[Source records]
..............................

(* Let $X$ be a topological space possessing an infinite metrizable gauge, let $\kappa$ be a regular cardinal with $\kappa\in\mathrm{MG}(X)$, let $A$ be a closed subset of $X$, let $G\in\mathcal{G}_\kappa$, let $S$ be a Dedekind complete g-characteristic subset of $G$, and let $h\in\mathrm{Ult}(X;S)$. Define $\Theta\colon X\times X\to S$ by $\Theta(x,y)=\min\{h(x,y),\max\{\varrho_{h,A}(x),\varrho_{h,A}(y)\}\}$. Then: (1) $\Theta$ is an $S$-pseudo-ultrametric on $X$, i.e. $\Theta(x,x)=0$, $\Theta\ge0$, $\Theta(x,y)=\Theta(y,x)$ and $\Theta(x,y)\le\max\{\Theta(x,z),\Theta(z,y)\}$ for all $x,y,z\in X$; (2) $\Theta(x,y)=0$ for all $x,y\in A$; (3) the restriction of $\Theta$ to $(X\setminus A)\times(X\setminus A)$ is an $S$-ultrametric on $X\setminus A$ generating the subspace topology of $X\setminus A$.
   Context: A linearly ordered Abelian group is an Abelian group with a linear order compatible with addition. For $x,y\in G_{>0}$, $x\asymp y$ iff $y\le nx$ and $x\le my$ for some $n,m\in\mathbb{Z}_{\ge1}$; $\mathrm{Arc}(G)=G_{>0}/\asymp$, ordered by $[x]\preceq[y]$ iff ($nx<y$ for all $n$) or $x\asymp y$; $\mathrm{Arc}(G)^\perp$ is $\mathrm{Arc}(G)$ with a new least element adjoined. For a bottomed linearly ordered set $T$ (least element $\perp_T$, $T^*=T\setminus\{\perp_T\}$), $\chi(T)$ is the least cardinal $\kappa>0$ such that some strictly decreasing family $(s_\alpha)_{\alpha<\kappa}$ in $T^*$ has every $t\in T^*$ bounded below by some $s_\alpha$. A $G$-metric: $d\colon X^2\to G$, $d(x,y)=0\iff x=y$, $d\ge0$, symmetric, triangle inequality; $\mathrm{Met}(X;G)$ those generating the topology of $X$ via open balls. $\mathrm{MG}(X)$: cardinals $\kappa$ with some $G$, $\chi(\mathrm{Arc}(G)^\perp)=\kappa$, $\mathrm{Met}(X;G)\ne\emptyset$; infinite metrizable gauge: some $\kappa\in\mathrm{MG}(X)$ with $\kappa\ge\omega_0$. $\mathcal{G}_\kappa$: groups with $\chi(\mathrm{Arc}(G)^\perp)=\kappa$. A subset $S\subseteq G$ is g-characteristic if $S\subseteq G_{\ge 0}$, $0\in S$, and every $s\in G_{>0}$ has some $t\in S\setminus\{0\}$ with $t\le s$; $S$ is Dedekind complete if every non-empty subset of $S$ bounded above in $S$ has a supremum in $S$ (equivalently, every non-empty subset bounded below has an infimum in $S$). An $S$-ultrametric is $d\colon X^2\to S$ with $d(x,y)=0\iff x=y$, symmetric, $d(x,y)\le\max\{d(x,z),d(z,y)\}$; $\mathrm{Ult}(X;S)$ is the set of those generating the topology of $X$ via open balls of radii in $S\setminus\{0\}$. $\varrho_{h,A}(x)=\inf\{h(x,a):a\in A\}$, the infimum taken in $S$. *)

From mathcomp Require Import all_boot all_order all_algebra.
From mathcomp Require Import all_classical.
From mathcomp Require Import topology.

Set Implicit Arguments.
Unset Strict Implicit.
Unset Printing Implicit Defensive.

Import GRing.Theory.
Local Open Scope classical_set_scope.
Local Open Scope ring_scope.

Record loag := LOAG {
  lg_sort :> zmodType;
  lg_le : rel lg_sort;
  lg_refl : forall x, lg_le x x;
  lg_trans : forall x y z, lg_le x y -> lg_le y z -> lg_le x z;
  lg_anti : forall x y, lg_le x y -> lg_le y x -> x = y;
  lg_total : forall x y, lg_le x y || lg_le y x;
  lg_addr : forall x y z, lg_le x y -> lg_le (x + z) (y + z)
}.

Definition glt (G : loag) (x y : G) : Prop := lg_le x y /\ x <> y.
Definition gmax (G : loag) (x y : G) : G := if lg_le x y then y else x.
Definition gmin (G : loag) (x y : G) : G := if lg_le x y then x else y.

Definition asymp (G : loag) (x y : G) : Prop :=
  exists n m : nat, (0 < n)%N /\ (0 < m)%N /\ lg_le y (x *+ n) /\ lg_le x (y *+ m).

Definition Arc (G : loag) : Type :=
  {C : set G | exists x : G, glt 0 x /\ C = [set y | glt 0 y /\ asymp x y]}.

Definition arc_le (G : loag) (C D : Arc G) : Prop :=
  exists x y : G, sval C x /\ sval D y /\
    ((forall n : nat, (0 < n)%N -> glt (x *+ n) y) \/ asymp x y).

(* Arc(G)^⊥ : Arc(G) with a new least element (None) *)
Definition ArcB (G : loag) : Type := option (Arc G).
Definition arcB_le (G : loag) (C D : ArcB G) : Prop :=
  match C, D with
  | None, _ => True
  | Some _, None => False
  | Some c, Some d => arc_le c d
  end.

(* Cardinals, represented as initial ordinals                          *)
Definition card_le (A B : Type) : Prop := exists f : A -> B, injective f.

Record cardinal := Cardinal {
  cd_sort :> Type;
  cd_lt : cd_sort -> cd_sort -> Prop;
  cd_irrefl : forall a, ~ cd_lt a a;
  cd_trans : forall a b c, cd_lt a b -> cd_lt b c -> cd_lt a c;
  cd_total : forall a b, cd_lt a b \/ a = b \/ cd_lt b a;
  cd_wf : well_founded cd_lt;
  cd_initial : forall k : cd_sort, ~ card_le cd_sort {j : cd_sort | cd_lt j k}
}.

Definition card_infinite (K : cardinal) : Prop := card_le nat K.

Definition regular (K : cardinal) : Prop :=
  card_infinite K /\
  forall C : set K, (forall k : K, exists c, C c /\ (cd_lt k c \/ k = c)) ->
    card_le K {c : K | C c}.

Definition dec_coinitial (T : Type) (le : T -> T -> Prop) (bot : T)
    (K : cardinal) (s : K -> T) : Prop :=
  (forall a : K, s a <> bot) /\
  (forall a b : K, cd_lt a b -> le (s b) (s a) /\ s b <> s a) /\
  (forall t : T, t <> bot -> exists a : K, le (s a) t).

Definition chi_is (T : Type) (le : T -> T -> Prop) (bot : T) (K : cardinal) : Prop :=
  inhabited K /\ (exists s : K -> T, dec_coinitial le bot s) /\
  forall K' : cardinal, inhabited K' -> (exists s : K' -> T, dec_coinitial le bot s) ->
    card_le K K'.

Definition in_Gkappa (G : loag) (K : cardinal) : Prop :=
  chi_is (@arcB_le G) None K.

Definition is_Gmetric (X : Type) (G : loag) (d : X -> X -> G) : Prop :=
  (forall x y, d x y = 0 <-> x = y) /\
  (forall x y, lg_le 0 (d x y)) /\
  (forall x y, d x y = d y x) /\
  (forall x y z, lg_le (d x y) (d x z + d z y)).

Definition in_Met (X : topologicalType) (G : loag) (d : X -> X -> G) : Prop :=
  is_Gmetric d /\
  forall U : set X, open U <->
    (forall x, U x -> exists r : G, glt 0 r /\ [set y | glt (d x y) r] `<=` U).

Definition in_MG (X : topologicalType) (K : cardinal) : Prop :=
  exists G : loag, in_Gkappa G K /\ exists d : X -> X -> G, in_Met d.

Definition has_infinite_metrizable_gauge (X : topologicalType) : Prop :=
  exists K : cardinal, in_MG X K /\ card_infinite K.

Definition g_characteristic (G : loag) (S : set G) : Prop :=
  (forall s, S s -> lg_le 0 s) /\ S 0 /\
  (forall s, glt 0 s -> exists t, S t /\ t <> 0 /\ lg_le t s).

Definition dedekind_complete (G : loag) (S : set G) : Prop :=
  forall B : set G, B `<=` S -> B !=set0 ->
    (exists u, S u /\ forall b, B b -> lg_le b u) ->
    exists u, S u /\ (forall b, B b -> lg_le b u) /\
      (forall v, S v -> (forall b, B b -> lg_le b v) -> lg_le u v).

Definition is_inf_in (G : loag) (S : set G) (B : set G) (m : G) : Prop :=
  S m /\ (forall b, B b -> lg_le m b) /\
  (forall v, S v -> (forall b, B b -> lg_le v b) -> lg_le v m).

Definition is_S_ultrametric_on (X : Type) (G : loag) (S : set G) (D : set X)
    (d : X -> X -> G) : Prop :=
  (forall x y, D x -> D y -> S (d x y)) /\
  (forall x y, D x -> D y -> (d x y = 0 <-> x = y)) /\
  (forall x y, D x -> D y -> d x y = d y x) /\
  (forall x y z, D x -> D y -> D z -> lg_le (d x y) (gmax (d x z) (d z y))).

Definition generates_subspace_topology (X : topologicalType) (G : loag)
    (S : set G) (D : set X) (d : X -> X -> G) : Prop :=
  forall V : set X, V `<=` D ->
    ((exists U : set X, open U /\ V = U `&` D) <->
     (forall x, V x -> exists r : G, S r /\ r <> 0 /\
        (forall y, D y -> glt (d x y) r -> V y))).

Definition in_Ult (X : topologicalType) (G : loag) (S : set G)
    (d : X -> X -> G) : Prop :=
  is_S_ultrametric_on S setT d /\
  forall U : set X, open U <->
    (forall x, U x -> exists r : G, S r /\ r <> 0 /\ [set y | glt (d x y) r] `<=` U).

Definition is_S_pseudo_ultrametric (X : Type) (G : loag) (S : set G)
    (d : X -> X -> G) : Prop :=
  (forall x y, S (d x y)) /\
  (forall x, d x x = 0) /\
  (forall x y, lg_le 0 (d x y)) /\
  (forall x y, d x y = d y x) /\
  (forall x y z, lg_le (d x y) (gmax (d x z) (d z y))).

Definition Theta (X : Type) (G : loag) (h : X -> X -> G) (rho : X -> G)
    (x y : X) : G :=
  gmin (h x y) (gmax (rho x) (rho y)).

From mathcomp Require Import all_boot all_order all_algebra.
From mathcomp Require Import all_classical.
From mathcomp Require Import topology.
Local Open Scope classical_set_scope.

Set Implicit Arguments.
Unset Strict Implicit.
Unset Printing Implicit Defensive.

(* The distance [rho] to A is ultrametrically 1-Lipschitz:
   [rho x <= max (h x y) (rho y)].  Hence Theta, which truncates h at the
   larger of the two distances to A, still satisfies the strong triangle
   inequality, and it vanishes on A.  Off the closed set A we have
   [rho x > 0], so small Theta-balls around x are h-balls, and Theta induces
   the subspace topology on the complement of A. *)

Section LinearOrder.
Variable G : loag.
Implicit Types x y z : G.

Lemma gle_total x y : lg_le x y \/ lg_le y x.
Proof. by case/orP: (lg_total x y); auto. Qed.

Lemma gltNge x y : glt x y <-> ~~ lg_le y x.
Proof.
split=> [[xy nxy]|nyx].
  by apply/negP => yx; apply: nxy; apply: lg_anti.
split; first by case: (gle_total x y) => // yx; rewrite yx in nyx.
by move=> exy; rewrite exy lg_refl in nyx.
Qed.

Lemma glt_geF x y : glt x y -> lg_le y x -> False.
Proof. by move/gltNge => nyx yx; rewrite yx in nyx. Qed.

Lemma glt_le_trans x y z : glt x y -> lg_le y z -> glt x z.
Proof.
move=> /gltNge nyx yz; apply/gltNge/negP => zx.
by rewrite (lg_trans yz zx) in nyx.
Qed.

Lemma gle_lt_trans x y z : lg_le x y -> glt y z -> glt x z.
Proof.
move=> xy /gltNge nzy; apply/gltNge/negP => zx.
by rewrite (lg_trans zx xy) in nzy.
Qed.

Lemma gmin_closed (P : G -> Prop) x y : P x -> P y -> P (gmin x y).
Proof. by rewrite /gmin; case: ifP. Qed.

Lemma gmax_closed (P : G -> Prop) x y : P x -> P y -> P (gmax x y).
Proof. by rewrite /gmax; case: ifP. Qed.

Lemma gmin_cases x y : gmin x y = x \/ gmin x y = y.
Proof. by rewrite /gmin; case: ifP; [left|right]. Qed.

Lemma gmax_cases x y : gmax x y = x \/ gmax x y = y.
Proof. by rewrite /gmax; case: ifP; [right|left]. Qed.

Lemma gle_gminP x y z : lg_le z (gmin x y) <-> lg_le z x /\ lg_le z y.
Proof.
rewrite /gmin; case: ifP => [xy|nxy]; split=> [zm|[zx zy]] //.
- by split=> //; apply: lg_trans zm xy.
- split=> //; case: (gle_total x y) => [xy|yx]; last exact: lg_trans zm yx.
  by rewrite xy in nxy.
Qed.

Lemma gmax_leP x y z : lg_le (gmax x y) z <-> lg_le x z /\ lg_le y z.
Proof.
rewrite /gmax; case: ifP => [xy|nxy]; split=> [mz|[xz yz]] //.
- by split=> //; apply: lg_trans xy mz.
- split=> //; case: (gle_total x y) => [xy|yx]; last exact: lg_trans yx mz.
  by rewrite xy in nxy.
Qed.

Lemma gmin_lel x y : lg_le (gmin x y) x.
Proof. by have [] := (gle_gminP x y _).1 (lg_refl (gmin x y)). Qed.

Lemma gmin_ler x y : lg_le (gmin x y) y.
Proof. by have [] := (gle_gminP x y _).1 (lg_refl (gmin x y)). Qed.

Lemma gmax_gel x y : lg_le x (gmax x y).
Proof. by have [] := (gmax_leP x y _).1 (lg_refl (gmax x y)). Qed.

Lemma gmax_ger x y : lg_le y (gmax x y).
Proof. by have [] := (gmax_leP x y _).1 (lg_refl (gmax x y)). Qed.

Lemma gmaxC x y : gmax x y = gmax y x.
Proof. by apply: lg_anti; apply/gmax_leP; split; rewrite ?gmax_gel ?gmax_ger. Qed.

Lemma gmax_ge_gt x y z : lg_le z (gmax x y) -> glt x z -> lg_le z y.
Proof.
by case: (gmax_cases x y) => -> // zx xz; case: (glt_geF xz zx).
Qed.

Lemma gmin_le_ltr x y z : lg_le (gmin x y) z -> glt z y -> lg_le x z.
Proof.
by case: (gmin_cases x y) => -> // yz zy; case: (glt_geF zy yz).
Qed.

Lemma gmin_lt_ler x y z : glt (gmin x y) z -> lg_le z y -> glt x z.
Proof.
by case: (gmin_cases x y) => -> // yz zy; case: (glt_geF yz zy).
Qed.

..............................

▶ _Assignment_
Among the records, how many lines include the string "move"? State the number and add nothing.

▶ _Result_
4